> [Task goal]: Look below for the line containing "assert (A2 : Rabs" and the line containing "assert (Hlim : forall"; repeat exactly those two lines and all lines between them, and nothing else.

> [Data extracts]:
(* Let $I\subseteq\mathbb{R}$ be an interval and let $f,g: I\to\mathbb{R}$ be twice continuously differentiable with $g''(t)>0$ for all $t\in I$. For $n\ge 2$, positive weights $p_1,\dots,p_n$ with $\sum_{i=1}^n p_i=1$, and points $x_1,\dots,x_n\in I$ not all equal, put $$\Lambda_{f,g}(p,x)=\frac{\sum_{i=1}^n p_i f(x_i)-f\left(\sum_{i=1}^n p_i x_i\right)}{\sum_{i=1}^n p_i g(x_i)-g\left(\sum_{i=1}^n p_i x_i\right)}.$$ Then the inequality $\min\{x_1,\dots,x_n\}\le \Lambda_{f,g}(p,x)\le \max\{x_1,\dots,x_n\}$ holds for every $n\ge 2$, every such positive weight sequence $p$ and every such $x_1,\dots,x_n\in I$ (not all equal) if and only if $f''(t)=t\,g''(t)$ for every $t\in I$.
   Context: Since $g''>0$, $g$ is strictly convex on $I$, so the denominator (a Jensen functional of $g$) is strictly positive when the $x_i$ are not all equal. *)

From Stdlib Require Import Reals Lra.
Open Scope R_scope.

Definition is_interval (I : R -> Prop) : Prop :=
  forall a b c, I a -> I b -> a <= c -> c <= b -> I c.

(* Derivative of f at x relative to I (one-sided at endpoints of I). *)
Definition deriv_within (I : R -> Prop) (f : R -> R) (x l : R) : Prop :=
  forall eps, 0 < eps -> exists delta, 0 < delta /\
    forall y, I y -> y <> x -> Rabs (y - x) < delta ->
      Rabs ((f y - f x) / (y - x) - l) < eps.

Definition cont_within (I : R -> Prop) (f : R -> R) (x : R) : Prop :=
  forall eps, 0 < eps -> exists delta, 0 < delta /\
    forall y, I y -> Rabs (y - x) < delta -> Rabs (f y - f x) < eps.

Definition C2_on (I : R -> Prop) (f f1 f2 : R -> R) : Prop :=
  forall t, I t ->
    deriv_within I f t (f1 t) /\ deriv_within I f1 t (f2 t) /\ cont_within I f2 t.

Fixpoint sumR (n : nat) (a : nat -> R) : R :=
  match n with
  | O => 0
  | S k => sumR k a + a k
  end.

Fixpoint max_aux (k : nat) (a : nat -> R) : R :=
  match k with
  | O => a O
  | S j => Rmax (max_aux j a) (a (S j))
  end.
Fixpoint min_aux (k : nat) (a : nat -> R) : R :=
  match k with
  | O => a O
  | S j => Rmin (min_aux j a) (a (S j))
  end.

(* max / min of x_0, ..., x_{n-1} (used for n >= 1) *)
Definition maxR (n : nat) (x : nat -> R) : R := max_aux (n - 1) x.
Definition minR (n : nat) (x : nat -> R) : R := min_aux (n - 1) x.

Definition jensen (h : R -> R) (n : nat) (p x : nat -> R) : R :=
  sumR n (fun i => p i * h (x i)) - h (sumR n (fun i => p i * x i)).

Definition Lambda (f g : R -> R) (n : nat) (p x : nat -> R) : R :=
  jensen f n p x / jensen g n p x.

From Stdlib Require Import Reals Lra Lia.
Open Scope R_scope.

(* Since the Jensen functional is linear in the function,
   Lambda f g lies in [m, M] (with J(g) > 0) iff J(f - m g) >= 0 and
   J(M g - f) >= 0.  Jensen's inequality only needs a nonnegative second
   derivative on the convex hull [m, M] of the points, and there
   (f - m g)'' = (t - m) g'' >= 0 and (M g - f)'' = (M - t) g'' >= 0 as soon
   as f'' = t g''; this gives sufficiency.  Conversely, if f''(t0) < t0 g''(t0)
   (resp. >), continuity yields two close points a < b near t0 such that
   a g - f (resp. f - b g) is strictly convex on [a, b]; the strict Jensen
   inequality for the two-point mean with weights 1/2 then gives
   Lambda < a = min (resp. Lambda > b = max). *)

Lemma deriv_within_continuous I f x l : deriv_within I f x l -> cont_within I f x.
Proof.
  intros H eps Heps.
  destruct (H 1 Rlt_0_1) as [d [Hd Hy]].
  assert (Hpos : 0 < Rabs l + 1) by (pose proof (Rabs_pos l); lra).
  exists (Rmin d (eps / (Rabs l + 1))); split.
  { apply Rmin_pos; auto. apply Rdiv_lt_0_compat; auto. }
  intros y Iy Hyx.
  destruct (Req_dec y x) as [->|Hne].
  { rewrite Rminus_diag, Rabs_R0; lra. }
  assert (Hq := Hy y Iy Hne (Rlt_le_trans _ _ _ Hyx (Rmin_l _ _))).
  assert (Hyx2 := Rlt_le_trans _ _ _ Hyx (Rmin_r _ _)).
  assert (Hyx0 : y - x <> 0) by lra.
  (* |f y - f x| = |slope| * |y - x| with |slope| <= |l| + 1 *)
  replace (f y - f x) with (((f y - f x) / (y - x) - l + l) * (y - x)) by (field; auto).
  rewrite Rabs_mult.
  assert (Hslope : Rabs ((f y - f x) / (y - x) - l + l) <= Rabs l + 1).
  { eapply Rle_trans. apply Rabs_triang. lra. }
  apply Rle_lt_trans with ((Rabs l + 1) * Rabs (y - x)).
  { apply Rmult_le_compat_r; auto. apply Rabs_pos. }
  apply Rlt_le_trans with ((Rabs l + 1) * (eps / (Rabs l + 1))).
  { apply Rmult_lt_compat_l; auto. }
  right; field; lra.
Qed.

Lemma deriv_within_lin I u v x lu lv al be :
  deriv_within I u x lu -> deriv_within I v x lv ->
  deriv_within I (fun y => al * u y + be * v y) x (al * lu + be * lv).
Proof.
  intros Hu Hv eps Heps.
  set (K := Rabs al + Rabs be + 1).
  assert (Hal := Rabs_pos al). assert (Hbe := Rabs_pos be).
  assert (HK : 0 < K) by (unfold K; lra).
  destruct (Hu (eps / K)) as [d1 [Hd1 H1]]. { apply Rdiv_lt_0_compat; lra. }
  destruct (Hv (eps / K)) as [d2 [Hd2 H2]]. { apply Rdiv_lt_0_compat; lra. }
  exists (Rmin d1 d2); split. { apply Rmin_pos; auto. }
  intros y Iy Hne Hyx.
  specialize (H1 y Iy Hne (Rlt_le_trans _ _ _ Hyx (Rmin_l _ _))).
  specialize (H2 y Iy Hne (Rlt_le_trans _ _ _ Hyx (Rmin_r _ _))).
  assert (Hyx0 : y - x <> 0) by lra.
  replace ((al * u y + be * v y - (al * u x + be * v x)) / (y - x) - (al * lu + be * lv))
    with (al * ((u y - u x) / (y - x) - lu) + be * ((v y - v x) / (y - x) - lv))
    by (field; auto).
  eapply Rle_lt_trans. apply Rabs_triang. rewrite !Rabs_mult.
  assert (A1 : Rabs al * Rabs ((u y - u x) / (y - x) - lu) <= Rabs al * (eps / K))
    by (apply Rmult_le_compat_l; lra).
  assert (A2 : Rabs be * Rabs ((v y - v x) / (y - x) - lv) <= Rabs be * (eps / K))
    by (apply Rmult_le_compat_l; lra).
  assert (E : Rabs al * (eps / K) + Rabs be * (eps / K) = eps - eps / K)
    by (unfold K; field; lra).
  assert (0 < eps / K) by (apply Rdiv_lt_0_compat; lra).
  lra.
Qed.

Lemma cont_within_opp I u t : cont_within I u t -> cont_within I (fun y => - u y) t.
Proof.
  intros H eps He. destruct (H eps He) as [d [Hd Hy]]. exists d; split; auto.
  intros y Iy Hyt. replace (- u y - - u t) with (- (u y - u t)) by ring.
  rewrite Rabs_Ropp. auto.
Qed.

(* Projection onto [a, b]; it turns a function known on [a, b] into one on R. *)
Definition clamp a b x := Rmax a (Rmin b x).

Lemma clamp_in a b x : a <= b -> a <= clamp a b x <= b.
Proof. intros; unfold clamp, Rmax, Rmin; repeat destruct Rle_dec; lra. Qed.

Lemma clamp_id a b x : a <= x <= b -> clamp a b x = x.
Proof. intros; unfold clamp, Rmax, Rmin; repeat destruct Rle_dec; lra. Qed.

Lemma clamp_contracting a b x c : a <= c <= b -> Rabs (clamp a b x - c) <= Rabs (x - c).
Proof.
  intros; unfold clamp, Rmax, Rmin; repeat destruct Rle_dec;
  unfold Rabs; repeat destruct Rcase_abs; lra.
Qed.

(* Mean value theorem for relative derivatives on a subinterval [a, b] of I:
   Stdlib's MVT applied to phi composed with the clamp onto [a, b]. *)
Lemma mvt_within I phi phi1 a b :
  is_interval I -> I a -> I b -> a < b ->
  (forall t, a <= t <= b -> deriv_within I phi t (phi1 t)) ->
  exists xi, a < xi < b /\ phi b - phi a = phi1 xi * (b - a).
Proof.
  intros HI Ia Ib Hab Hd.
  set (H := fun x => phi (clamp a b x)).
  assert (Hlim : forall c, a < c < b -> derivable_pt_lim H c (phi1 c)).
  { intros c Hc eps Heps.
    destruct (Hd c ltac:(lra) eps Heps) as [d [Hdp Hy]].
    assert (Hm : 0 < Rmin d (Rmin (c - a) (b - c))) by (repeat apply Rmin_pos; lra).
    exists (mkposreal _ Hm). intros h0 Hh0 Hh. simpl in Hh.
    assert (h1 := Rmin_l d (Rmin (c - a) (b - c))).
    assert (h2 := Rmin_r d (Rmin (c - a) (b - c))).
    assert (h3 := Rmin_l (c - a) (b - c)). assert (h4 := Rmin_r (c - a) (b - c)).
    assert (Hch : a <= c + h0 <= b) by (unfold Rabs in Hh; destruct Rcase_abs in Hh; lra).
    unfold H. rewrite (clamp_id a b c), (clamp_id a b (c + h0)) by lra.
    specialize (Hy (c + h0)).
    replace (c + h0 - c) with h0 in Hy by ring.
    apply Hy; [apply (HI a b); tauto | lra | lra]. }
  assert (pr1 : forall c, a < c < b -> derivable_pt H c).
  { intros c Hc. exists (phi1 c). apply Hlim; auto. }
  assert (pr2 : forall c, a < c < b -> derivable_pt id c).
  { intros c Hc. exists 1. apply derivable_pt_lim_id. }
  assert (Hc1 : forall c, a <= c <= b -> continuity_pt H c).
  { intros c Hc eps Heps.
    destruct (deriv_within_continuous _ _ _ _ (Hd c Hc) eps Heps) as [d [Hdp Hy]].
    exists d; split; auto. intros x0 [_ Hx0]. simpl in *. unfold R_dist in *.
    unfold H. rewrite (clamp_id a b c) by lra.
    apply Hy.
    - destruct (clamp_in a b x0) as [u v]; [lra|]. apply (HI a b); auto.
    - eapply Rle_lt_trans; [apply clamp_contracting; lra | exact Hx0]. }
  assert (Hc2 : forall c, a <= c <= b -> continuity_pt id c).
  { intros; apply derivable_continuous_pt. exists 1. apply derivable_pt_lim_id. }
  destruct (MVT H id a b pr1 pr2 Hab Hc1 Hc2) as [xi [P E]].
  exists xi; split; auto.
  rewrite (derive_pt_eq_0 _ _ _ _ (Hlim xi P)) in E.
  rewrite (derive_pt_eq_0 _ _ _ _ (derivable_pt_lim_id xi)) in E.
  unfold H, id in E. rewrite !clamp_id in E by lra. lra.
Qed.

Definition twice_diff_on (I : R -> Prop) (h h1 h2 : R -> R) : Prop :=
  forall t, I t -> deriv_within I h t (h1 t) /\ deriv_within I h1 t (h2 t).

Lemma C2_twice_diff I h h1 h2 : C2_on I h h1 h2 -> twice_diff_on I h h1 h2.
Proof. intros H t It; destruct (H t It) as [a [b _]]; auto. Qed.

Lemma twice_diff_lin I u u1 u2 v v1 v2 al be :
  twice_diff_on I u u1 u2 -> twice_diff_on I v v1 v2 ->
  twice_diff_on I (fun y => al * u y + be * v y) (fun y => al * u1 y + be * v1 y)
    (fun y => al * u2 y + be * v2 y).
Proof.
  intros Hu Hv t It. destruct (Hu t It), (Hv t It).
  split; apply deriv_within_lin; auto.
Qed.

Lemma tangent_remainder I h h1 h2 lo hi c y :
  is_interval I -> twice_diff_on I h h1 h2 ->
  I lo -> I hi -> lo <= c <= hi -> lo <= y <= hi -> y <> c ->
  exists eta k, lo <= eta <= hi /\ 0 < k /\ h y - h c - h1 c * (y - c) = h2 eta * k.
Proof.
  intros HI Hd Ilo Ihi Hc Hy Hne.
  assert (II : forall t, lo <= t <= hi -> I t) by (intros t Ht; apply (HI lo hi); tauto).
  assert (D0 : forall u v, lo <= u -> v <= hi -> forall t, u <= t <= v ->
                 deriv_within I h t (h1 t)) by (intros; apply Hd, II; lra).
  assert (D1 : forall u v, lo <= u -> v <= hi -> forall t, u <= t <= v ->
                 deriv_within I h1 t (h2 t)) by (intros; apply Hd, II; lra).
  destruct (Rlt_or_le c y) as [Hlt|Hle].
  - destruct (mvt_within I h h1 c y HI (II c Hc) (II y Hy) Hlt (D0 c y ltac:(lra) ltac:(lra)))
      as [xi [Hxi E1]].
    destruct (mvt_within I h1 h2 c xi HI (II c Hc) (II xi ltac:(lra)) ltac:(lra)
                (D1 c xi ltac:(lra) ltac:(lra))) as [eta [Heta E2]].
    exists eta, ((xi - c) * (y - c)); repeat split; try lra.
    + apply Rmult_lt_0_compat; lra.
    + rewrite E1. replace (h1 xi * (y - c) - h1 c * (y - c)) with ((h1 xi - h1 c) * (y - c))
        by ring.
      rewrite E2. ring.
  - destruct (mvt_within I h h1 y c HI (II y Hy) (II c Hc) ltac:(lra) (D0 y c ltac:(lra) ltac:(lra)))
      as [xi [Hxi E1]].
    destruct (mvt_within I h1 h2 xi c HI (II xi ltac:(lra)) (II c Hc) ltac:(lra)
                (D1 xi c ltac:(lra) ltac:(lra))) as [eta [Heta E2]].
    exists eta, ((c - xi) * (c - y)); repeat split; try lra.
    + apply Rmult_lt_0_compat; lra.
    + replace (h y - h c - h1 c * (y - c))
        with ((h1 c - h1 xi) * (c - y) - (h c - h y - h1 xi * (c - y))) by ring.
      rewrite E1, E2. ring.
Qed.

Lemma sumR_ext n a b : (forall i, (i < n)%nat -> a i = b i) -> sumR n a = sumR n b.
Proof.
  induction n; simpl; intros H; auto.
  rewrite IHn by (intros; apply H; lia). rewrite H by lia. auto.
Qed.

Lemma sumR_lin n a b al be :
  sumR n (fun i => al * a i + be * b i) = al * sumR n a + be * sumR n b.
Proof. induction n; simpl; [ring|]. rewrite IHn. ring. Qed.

...

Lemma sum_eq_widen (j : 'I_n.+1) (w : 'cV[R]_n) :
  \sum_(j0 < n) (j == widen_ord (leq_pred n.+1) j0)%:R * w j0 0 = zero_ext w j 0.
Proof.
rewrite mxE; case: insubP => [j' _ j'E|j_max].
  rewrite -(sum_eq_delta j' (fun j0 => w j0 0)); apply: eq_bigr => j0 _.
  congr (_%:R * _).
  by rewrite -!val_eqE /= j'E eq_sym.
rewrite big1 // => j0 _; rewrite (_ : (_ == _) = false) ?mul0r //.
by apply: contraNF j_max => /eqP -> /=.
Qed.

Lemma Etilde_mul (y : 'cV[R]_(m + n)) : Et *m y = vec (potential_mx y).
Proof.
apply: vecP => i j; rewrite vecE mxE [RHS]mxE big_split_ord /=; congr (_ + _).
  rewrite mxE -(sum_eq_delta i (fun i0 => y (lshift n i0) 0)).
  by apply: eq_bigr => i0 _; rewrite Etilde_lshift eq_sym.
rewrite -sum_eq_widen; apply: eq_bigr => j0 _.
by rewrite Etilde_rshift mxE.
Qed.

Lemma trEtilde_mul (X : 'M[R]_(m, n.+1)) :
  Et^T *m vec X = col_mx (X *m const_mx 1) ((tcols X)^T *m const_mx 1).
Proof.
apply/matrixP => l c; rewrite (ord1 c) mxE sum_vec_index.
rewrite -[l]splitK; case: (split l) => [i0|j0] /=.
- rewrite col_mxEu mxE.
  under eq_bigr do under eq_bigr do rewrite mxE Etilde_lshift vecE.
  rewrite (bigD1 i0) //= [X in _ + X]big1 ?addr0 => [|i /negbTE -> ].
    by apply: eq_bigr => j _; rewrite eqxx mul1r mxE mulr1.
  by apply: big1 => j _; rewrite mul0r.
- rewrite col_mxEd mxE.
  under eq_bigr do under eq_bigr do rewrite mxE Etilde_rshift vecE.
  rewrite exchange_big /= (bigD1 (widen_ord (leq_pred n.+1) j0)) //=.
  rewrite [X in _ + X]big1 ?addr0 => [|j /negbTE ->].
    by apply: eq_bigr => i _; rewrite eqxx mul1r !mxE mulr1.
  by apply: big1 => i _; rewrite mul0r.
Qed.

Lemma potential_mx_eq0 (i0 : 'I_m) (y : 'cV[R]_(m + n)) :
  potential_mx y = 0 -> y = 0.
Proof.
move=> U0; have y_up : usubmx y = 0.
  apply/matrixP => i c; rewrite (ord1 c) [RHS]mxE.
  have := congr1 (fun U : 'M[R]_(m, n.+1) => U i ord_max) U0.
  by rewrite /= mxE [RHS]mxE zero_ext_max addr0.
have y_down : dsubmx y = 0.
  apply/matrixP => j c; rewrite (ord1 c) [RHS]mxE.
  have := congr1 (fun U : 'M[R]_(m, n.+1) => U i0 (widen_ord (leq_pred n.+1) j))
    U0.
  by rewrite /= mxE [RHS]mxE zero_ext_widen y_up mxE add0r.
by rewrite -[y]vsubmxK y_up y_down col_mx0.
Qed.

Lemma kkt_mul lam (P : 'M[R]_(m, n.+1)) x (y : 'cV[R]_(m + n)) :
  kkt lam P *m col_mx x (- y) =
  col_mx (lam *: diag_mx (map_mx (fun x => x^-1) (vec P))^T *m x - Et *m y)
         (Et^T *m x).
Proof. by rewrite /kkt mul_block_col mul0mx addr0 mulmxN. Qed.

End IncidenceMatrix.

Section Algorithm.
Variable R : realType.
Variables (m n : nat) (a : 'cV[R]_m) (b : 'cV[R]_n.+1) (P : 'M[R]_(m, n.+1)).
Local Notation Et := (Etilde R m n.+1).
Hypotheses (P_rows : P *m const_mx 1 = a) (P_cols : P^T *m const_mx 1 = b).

> [Solution to this problem]:
  assert (A2 : Rabs be * Rabs ((v y - v x) / (y - x) - lv) <= Rabs be * (eps / K))
    by (apply Rmult_le_compat_l; lra).
  assert (E : Rabs al * (eps / K) + Rabs be * (eps / K) = eps - eps / K)
    by (unfold K; field; lra).
  assert (0 < eps / K) by (apply Rdiv_lt_0_compat; lra).
  lra.
Qed.

Lemma cont_within_opp I u t : cont_within I u t -> cont_within I (fun y => - u y) t.
Proof.
  intros H eps He. destruct (H eps He) as [d [Hd Hy]]. exists d; split; auto.
  intros y Iy Hyt. replace (- u y - - u t) with (- (u y - u t)) by ring.
  rewrite Rabs_Ropp. auto.
Qed.

(* Projection onto [a, b]; it turns a function known on [a, b] into one on R. *)
Definition clamp a b x := Rmax a (Rmin b x).

Lemma clamp_in a b x : a <= b -> a <= clamp a b x <= b.
Proof. intros; unfold clamp, Rmax, Rmin; repeat destruct Rle_dec; lra. Qed.

Lemma clamp_id a b x : a <= x <= b -> clamp a b x = x.
Proof. intros; unfold clamp, Rmax, Rmin; repeat destruct Rle_dec; lra. Qed.

Lemma clamp_contracting a b x c : a <= c <= b -> Rabs (clamp a b x - c) <= Rabs (x - c).
Proof.
  intros; unfold clamp, Rmax, Rmin; repeat destruct Rle_dec;
  unfold Rabs; repeat destruct Rcase_abs; lra.
Qed.

(* Mean value theorem for relative derivatives on a subinterval [a, b] of I:
   Stdlib's MVT applied to phi composed with the clamp onto [a, b]. *)
Lemma mvt_within I phi phi1 a b :
  is_interval I -> I a -> I b -> a < b ->
  (forall t, a <= t <= b -> deriv_within I phi t (phi1 t)) ->
  exists xi, a < xi < b /\ phi b - phi a = phi1 xi * (b - a).
Proof.
  intros HI Ia Ib Hab Hd.
  set (H := fun x => phi (clamp a b x)).
  assert (Hlim : forall c, a < c < b -> derivable_pt_lim H c (phi1 c)).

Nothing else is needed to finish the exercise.